Fig. 11 from Barnes et al. (2016) showing evolution of the HZ (blue region) of Proxima Centauri, along with the orbits of Proxima Centauri b (solid line) and Mercury (dashed line).
As a follow-up to last week’s Proxima Centauri b event, we discussed a recent analysis of the planet’s habitability by Prof. Rory Barnes and colleagues in our weekly journal club.
In this paper, the authors consider a very wide range of evolutionary scenarios for Proxima b to explore the resulting range of outcomes and decide how habitable the planet is, really.

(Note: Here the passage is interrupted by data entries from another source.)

(* Let $K$ be a perfect field, $k\subset K$ a subfield, and $V$ a two-sided vector space of rank $n$ over $K$. Then the non-commutative symmetric algebra $\mathcal{S}^{n.c.}_K(V)$ exists, i.e. $V^{i*}$ has rank $n$ for all $i\in\mathbb{Z}$.
   Context: A two-sided vector space is a $K\otimes_kK$-module; left (resp. right) multiplication by $K$ is the action of $K\otimes1$ (resp. $1\otimes K$); ${}_KV$, $V_K$ denote the restrictions of scalars; $V$ has rank $n$ if $\dim_K({}_KV)=\dim_K(V_K)=n$. The right dual $V^*$ is $\operatorname{Hom}_K(V_K,K)$ with $(a\cdot\psi\cdot b)(x)=a\psi(bx)$; the left dual ${}^*V$ is $\operatorname{Hom}_K({}_KV,K)$ with $(a\cdot\phi\cdot b)(x)=b\phi(xa)$. Iterated duals: $V^{0*}=V$, $V^{i*}=(V^{(i-1)*})^*$ for $i>0$, $V^{i*}={}^*(V^{(i+1)*})$ for $i<0$. By definition, the non-commutative symmetric algebra of a rank $n$ two-sided vector space $V$ exists if $V^{i*}$ has rank $n$ for every $i\in\mathbb{Z}$. *)

From HB Require Import structures.
From mathcomp Require Import all_boot all_order all_algebra.
From Stdlib Require Import FunctionalExtensionality ProofIrrelevance.
Set Implicit Arguments. Unset Strict Implicit. Unset Printing Implicit Defensive.
Import GRing.Theory.
Local Open Scope ring_scope.

Definition perfect_field (K : fieldType) : Prop :=
  [pchar K] =i pred0 \/
  exists p : nat, p \in [pchar K] /\ forall x : K, exists y : K, y ^+ p = x.

(* A two-sided vector space over K relative to k, i.e. a (K (x)_k K)-module:
   an abelian group with commuting left and right K-actions that agree on k. *)
Record tsv (K : fieldType) (k : {pred K}) := TSV {
  car :> Type;
  vzero : car;
  vadd : car -> car -> car;
  vopp : car -> car;
  lact : K -> car -> car;
  ract : car -> K -> car;
  vaddA : forall x y z, vadd x (vadd y z) = vadd (vadd x y) z;
  vaddC : forall x y, vadd x y = vadd y x;
  vadd0 : forall x, vadd vzero x = x;
  vaddN : forall x, vadd (vopp x) x = vzero;
  lact1 : forall x, lact 1 x = x;
  lactM : forall a b x, lact (a * b) x = lact a (lact b x);
  lactDr : forall a x y, lact a (vadd x y) = vadd (lact a x) (lact a y);
  lactDl : forall a b x, lact (a + b) x = vadd (lact a x) (lact b x);
  ract1 : forall x, ract x 1 = x;
  ractM : forall a b x, ract x (a * b) = ract (ract x a) b;
  ractDl : forall a x y, ract (vadd x y) a = vadd (ract x a) (ract y a);
  ractDr : forall a b x, ract x (a + b) = vadd (ract x a) (ract x b);
  lract : forall a b x, lact a (ract x b) = ract (lact a x) b;
  central : forall c x, c \in k -> lact c x = ract x c
}.

Arguments tsv : clear implicits.
Arguments vzero {K k} t.
Arguments vadd {K k} [t].
Arguments vopp {K k} [t].
Arguments lact {K k} [t].
Arguments ract {K k} [t].

Section Duals.
Variables (K : fieldType) (k : {pred K}) (V : tsv K k).

Lemma sig_fun_eq (P : (V -> K) -> Prop) (f g : {h : V -> K | P h}) :
  (forall x, sval f x = sval g x) -> f = g.
Proof.
case: f g => [f pf] [g pg] /= H.
have E : f = g by apply: functional_extensionality.
subst g; f_equal; apply: proof_irrelevance.
Qed.

Definition rlin (f : V -> K) : Prop :=
  (forall x y, f (vadd x y) = f x + f y) /\ (forall x b, f (ract x b) = f x * b).

Definition rd_car := {f : V -> K | rlin f}.

Lemma rlin0 : rlin (fun _ => 0).
Proof. by split=> *; rewrite ?addr0 ?mul0r. Qed.
Lemma rlinD (f g : rd_car) : rlin (fun x => sval f x + sval g x).
Proof.
case: f g => [f [f1 f2]] [g [g1 g2]] /=; split=> *.
  by rewrite f1 g1 addrACA.
by rewrite f2 g2 mulrDl.
Qed.
Lemma rlinN (f : rd_car) : rlin (fun x => - sval f x).
Proof.
case: f => [f [f1 f2]] /=; split=> *; first by rewrite f1 opprD.
by rewrite f2 mulNr.
Qed.
Lemma rlinL a (f : rd_car) : rlin (fun x => a * sval f x).
Proof.
case: f => [f [f1 f2]] /=; split=> *; first by rewrite f1 mulrDr.
by rewrite f2 mulrA.
Qed.
Lemma rlinR (f : rd_car) b : rlin (fun x => sval f (lact b x)).
Proof.
case: f => [f [f1 f2]] /=; split=> *; first by rewrite lactDr f1.
by rewrite lract f2.
Qed.

Definition rd_zero : rd_car := exist _ _ rlin0.
Definition rd_add (f g : rd_car) : rd_car := exist _ _ (rlinD f g).
Definition rd_opp (f : rd_car) : rd_car := exist _ _ (rlinN f).
Definition rd_lact a (f : rd_car) : rd_car := exist _ _ (rlinL a f).
Definition rd_ract (f : rd_car) b : rd_car := exist _ _ (rlinR f b).

Definition rdual : tsv K k.
Proof.
refine (@TSV K k rd_car rd_zero rd_add rd_opp rd_lact rd_ract
  _ _ _ _ _ _ _ _ _ _ _ _ _ _); intros; apply: sig_fun_eq => w /=.
- by rewrite addrA.
- by rewrite addrC.
- by rewrite add0r.
- by rewrite addNr.
- by rewrite mul1r.
- by rewrite mulrA.
- by rewrite mulrDr.
- by rewrite mulrDl.
- by rewrite lact1.
- by rewrite lactM.
- by [].
- by case: x => f [f1 f2] /=; rewrite lactDl f1.
- by [].
- by case: x => f [f1 f2] /=; rewrite central // f2 mulrC.
Defined.

Definition llin (f : V -> K) : Prop :=
  (forall x y, f (vadd x y) = f x + f y) /\ (forall a x, f (lact a x) = a * f x).

Definition ld_car := {f : V -> K | llin f}.

Lemma llin0 : llin (fun _ => 0).
Proof. by split=> *; rewrite ?addr0 ?mulr0. Qed.
Lemma llinD (f g : ld_car) : llin (fun x => sval f x + sval g x).
Proof.
case: f g => [f [f1 f2]] [g [g1 g2]] /=; split=> *.
  by rewrite f1 g1 addrACA.
by rewrite f2 g2 mulrDr.
Qed.
Lemma llinN (f : ld_car) : llin (fun x => - sval f x).
Proof.
case: f => [f [f1 f2]] /=; split=> *; first by rewrite f1 opprD.
by rewrite f2 mulrN.
Qed.
Lemma llinL a (f : ld_car) : llin (fun x => sval f (ract x a)).
Proof.
case: f => [f [f1 f2]] /=; split=> *; first by rewrite ractDl f1.
by rewrite -lract f2.
Qed.
Lemma llinR (f : ld_car) b : llin (fun x => b * sval f x).
Proof.
case: f => [f [f1 f2]] /=; split=> *; first by rewrite f1 mulrDr.
by rewrite f2 mulrCA.
Qed.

They incorporate lots of potentially important effects, including the evolution of the host star’s luminosity and its influence on the planet’s surface temperature.
M-dwarf stars, like Proxima Centauri, get dimmer early in their lifetimes. As a consequence, the surface temperature of a planet orbiting such a star can drop over time.
Or, put another way, the habitable zone (HZ) around the star can move inward, meaning planets that start out interior to the HZ (i.e., planets that might be too hot to be habitable) may eventually enter the HZ.
Figure 11 from Barnes et al. (2016) shows that this is probably what happened to Proxima b: it started out way too hot for habitability and, as its host star dimmed, it entered the HZ.
As Barnes et al. show, such a history could potentially drive away all the planet’s water (assuming it started with any), leaving behind a dried husk of a planet. But the fact that the planet is CURRENTLY in the HZ could fool us into thinking it’s habitable.
This result shows that planetary habitability is a complicated idea and that the current conditions on a planet can depend in a complex (and hard-to-determine) way on its history. Time (and lots more data) will tell whether Proxima b is actually an extraterrestrial oasis for life or a barren wasteland.